There is increasing evidence that the vestibular system is not only involved in perception, oculomotor and postural control, but also takes part in spatial cognition. In particular, how animals and human navigate in space – i.e. integrate and memorize the paths taken, elaborate and use cognitive maps of the spatial displacements – has been associated with vestibular processing (Berthoz et al., 1995, Mittelstaedt, 1999, Smith et al., 2010). In addition, vestibular signals, and the neural structures involved in vestibular processing, are crucial for distinguishing self-motion and object-motion (Straube and Brandt, 1987), perceiving the world as upright (Brandt and Dieterich, 1994, Lopez et al., 2007, Mittelstaedt, 1999), elaborating an internal model of gravity and of one's body motion (Angelaki et al., 2004, Merfeld et al., 1999), as well as for visual perception related to gravity (Indovina et al., 2005, Lopez et al., 2009). More recent studies conducted in neurological patients even suggested that vestibular signals are crucial for various aspects of one's body perception and awareness (Bottini et al., 1995, Vallar et al., 1993), and more generally for human bodily self-consciousness (Blanke et al., 2002, Lopez et al., 2008).

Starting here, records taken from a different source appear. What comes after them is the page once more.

Lemma probability_fine01 d (T : measurableType d) (R : realType)
  (P : probability T R) (A : set T) : measurable A -> 0 <= fine (P A) <= 1.
Proof.
move=> mA; have fA : P A \is a fin_num by rewrite fin_num_measure.
by rewrite -!lee_fin fineK // measure_ge0 probability_le1.
Qed.

Section independent_count.
Context d (T : measurableType d) (R : realType) (P : probability T R).
Context (n : nat) (X : 'I_n -> {RV P >-> R}) (p : pred R).
Hypotheses (X_indep : mutually_independent X) (mp : measurable [set x | p x]).

Let B := [set x | p x].

Let pB i := fine (P (X i @^-1` B)).

Let mXB i : measurable (X i @^-1` B).
Proof. exact: measurable_funPTI. Qed.

Lemma independent_count_tail (m : nat) :
  (P [set w | (m <= \sum_(i < n) (p (X i w) : nat))%N]
     <= (bernoulli_tail pB m)%:E)%E.
Proof.
pose Bf (f : {ffun 'I_n -> bool}) i := if f i then B else ~` B.
pose E f := \bigcap_(i in [set i | i \in [set: 'I_n]%SET]) (X i @^-1` Bf f i).
have mBf f i : measurable (Bf f i) by rewrite /Bf; case: (f i); last exact: measurableC.
have mE f : measurable (E f).
  apply: fin_bigcap_measurable; first exact: finite_finset.
  by move=> i _; exact: measurable_funPTI.
have PE f : P (E f) = (bernoulli_weight pB f)%:E.
  rewrite /E (X_indep [set: 'I_n]%SET (mBf f)) -prodEFin.
  apply: eq_big => [i|i _]; first by rewrite inE.
  have fin : P (X i @^-1` B) \is a fin_num by rewrite fin_num_measure.
  rewrite /Bf /pB; case: (f i); first by rewrite fineK.
  by rewrite preimage_setC probability_setC ?EFinB ?fineK //; exact: mXB.
rewrite [X in P X](_ : _ =
    \big[setU/set0]_(f : {ffun 'I_n -> bool} | (m <= \sum_i (f i : nat))%N) E f).
  apply: le_trans (measure_bigsetU_le _ _ _ mE) _.
  by rewrite (eq_bigr _ (fun f _ => PE f)) sumEFin.
rewrite -bigcup_seq_cond; apply/seteqP; split => w /=.
- move=> hw; exists [ffun i => p (X i w)].
    by rewrite /= mem_index_enum /=; under eq_bigr do rewrite ffunE.
  by move=> i _; rewrite /Bf ffunE /=; case: ifPn => /= [|/negP].
- move=> [f /andP[_ hf]] hw.
  suff fE i : p (X i w) = f i by under eq_bigr do rewrite fE.
  have := hw i; rewrite /= inE => /(_ isT); rewrite /Bf.
  by case: (f i) => [|/negP/negbTE].
Qed.

Lemma hoeffding_independent_count (m : nat) (a tau : R) :
  (forall i, fine (P (X i @^-1` [set x | p x])) <= a) -> 0 <= tau ->
  m%:R = n%:R * (a + tau) ->
  (P [set w | (m <= \sum_(i < n) (p (X i w) : nat))%N]
     <= (expR (- (2 * n%:R) * tau ^+ 2))%:E)%E.
Proof.
move=> pBa tau0 mE; apply: le_trans (independent_count_tail m) _.
rewrite lee_fin; apply: hoeffding_bernoulli_tail pBa tau0 mE.
by move=> i; exact: probability_fine01.
Qed.

End independent_count.

Lemma continuous_measurable_preimage (R : realType) (F : R -> R) (Y : set R) :
  continuous F -> measurable Y -> measurable (F @^-1` Y).
Proof.
move=> cF mY; rewrite -[_ @^-1` _]setTI.
exact: measurable_realfun.continuous_measurable_fun.
Qed.

Lemma measurable_continuous_lt (R : realType) (F : R -> R) (a : R) :
  continuous F -> measurable [set x | F x < a].
Proof.
rewrite -[X in measurable X]/(F @^-1` `]-oo, a[) => cF.
exact: continuous_measurable_preimage.
Qed.

Lemma measurable_continuous_gt (R : realType) (F : R -> R) (a : R) :
  continuous F -> measurable [set x | a < F x].
Proof.
rewrite (_ : [set x | a < F x] = F @^-1` `]a, +oo[) => [cF|].
  exact: continuous_measurable_preimage.
by apply/seteqP; split => x /=; rewrite in_itv /= andbT.
Qed.

Section continuous_cdf.
Context d (T : measurableType d) (R : realType) (P : probability T R).
Context (X : {RV P >-> R}) (F : R -> R).
Hypotheses (XF : forall r, cdf X r = (F r)%:E) (cF : continuous F).

Lemma cdf_fun_nondecreasing : {homo F : x y / x <= y}.
Proof. by move=> x y xy; rewrite -lee_fin -!XF cdf_nondecreasing. Qed.

Lemma cdf_fun_ge0 x : 0 <= F x.
Proof. by rewrite -lee_fin -XF cdf_ge0. Qed.

Lemma cdf_fun_le1 x : F x <= 1.
Proof. by rewrite -lee_fin -XF cdf_le1. Qed.

Lemma cdf_fun_surj v : 0 < v < 1 -> exists c, F c = v.
Proof.
move=> /andP[v0 v1].
have FX : cdf X = (fun r => (F r)%:E) by apply/funext.
have Fy : F x @[x --> +oo] --> (1 : R) by have := cvg_cdfy1 X; rewrite FX => /fine_cvg.
have FNy : F x @[x --> -oo] --> (0 : R) by have := cvg_cdfNy0 X; rewrite FX => /fine_cvg.
have [M1 [_ FM1]] := cvgr_gt 1 Fy v v1.
have [M0 [_ FM0]] := cvgr_lt 0 FNy v v0.
have lo : F (M0 - 1) < v by apply: FM0; lra.
have hi : v < F (M1 + 1) by apply: FM1; lra.
have M01 : M0 - 1 <= M1 + 1.
  by rewrite leNgt; apply/negP => /ltW /cdf_fun_nondecreasing; lra.
have Fv : Num.min (F (M0 - 1)) (F (M1 + 1)) <= v <= Num.max (F (M0 - 1)) (F (M1 + 1)).
  by rewrite ge_min le_max (ltW lo) (ltW hi) orbT.
have [c _ Fc] := IVT M01 (continuous_subspaceT cF) Fv.
by exists c.
Qed.

Lemma probability_cdf_lt a : 0 < a -> fine (P (X @^-1` [set x | F x < a])) <= a.
Proof.
move=> a0.
have mA : measurable (X @^-1` [set x | F x < a]).
  by apply: measurable_funPTI; exact: measurable_continuous_lt.
have [a1|a1] := leP 1 a; first by have /andP[_ /le_trans] := probability_fine01 P mA; exact.
have [c Fc] : exists c, F c = a by apply: cdf_fun_surj; rewrite a0 a1.
subst a; rewrite -lee_fin fineK ?fin_num_measure // -XF /cdf /distribution /pushforward /=.
apply: le_measure; rewrite ?inE //; first by apply: measurable_funPTI.
move=> w /= FXc; rewrite in_itv /= leNgt; apply: contraTN FXc.
by move=> /ltW/cdf_fun_nondecreasing; rewrite -leNgt.
Qed.

Lemma probability_cdf_gt b : 0 < b < 1 ->
  fine (P (X @^-1` [set x | b < F x])) <= 1 - b.
Proof.
move=> b01; have [c <-] := cdf_fun_surj b01.
have mA : measurable (X @^-1` [set x | F c < F x]).
  by apply: measurable_funPTI; exact: measurable_continuous_gt.
rewrite -lee_fin fineK ?fin_num_measure // EFinB -XF -ccdf_1_cdf.
rewrite /ccdf /distribution /pushforward /=.
apply: le_measure; rewrite ?inE //; first by apply: measurable_funPTI.
move=> w /= cFX; rewrite in_itv /= andbT ltNge; apply: contraTN cFX.
by move=> /cdf_fun_nondecreasing; rewrite -leNgt.
Qed.

End continuous_cdf.

Section sorted_count.
Context {T : Type} (x0 : T) (leT : rel T) (leT_tr : transitive leT).

Lemma sorted_nth_count (s : seq T) (p : pred T) (j : nat) :
  sorted leT s -> (forall x y, leT x y -> p y -> p x) -> (0 < j <= size s)%N ->
  p (nth x0 s j.-1) = (j <= count p s)%N.
Proof.
move=> + p_down; elim: s j => [|x s IH] [|j] //= x_s j_s.
have x_le := order_path_min leT_tr x_s; have s_sorted := path_sorted x_s.
have no_p : ~~ p x -> count p s = 0%N.
  move=> npx; apply/eqP; rewrite -leqn0 leqNgt -has_count -all_predC.
  by apply: sub_all x_le => y xy; apply: contra npx; exact: p_down.
case: j j_s => [|j] j_s /=.
  by case: (boolP (p x)) => [_|/no_p ->].
case: (boolP (p x)) => [px|/[dup] npx /no_p ->].
  by rewrite (IH j.+1 s_sorted j_s) add1n.
apply/negbTE; apply: contra npx; apply: p_down.
exact: (all_nthP x0 x_le).
Qed.

End sorted_count.

Section order_statistics.
Context d (T : measurableType d) (R : realType) (P : probability T R).
Context (n : nat) (X : 'I_n -> {RV P >-> R}).

Lemma size_sorted_sample w : size (sorted_sample X w) = n.
Proof. by rewrite size_sort size_map size_enum_ord. Qed.

Lemma sorted_sample_sorted w : sorted <=%R (sorted_sample X w).
Proof. exact: (sort_sorted le_total). Qed.

Lemma count_sorted_sample w (p : pred R) :
  count p (sorted_sample X w) = (\sum_(i < n) (p (X i w) : nat))%N.
Proof.
rewrite count_sort count_map -sumn_count sumnE big_map.
by rewrite big_enum_cond /= big_mkcond.
Qed.

Lemma order_stat_lt_count (G : R -> R) (a : R) (j : nat) w :
  {homo G : x y / x <= y} -> (0 < j <= n)%N ->
  (G (order_stat X j w) < a) = (j <= \sum_(i < n) ((G (X i w) < a)%R : nat))%N.
Proof.
move=> G_mono j_n; rewrite -(count_sorted_sample w (fun x => G x < a)).
apply: (sorted_nth_count _ le_trans (sorted_sample_sorted w)).
  by move=> x y /G_mono; exact: le_lt_trans.
by rewrite size_sorted_sample.
Qed.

Thus, the understanding of the neural correlates of these aspects of vestibular function (spatial perception and cognition, spatial navigation, and own body perception), as well as the understanding of the complex spatial and bodily symptoms observed in patients suffering from vestibular disorders, necessitate a clear description of the vestibular pathways to the thalamus and cerebral cortex. Yet, as compared to what is known about the central structures involved in visual, auditory and somatosensory processing, only a few comprehensive reviews have been written on the localization of the vestibular thalamus and cortex in the last 25 years (see Berthoz, 1996, Brandt and Dieterich, 1999, Fredrickson and Rubin, 1986, Fukushima, 1997, Guldin and Grüsser, 1998; for reviews up to 1999). Electrophysiological and tracer studies in animals have identified at least ten regions that are clearly involved in vestibular processing and that are widely distributed in parieto-insular, somatosensory, posterior parietal, and frontal cortices. As early as the 1990s, with the development of functional neuroimaging in human neuroscience, the number of studies aiming at determining the corresponding vestibular regions in the human brain has increased considerably. The variety of the techniques used for determining vestibular projections (cold and warm caloric vestibular stimulation, monaural or binaural galvanic vestibular stimulation, auditory stimulation) has led to a large body of functional and anatomical data, which has not been reviewed recently and systematically compared between animals and humans.

The aim of the present review is to summarize current knowledge on the anatomy of the vestibulothalamocortical system by establishing theoretical connections between data from animal electrophysiology and neuroanatomy with data from functional neuroimagery and neurology in humans. The latter include electrical stimulation of the cortex in epileptic patients and the description of patients with focal brain damage reporting vestibular dysfunctions. As the anatomy and physiology of the vestibular nuclei and cerebellum have been largely described in the literature (Angelaki and Cullen, 2008, Barmack, 2003, Berthoz and Vidal, 1993, Carpenter, 1988, Cullen et al., 2003, Lacour and Borel, 1993), the present review focuses on the identification of the multiple thalamic nuclei and cortical areas receiving vestibular inputs in animals and humans. Moreover, because the electrophysiological responses of single neurons in vestibular cortex have been reviewed in detail previously (Angelaki and Cullen, 2008, Berthoz, 1996, Fukushima, 1997, Grüsser et al., 1994, Guldin and Grüsser, 1998), they will not be discussed here.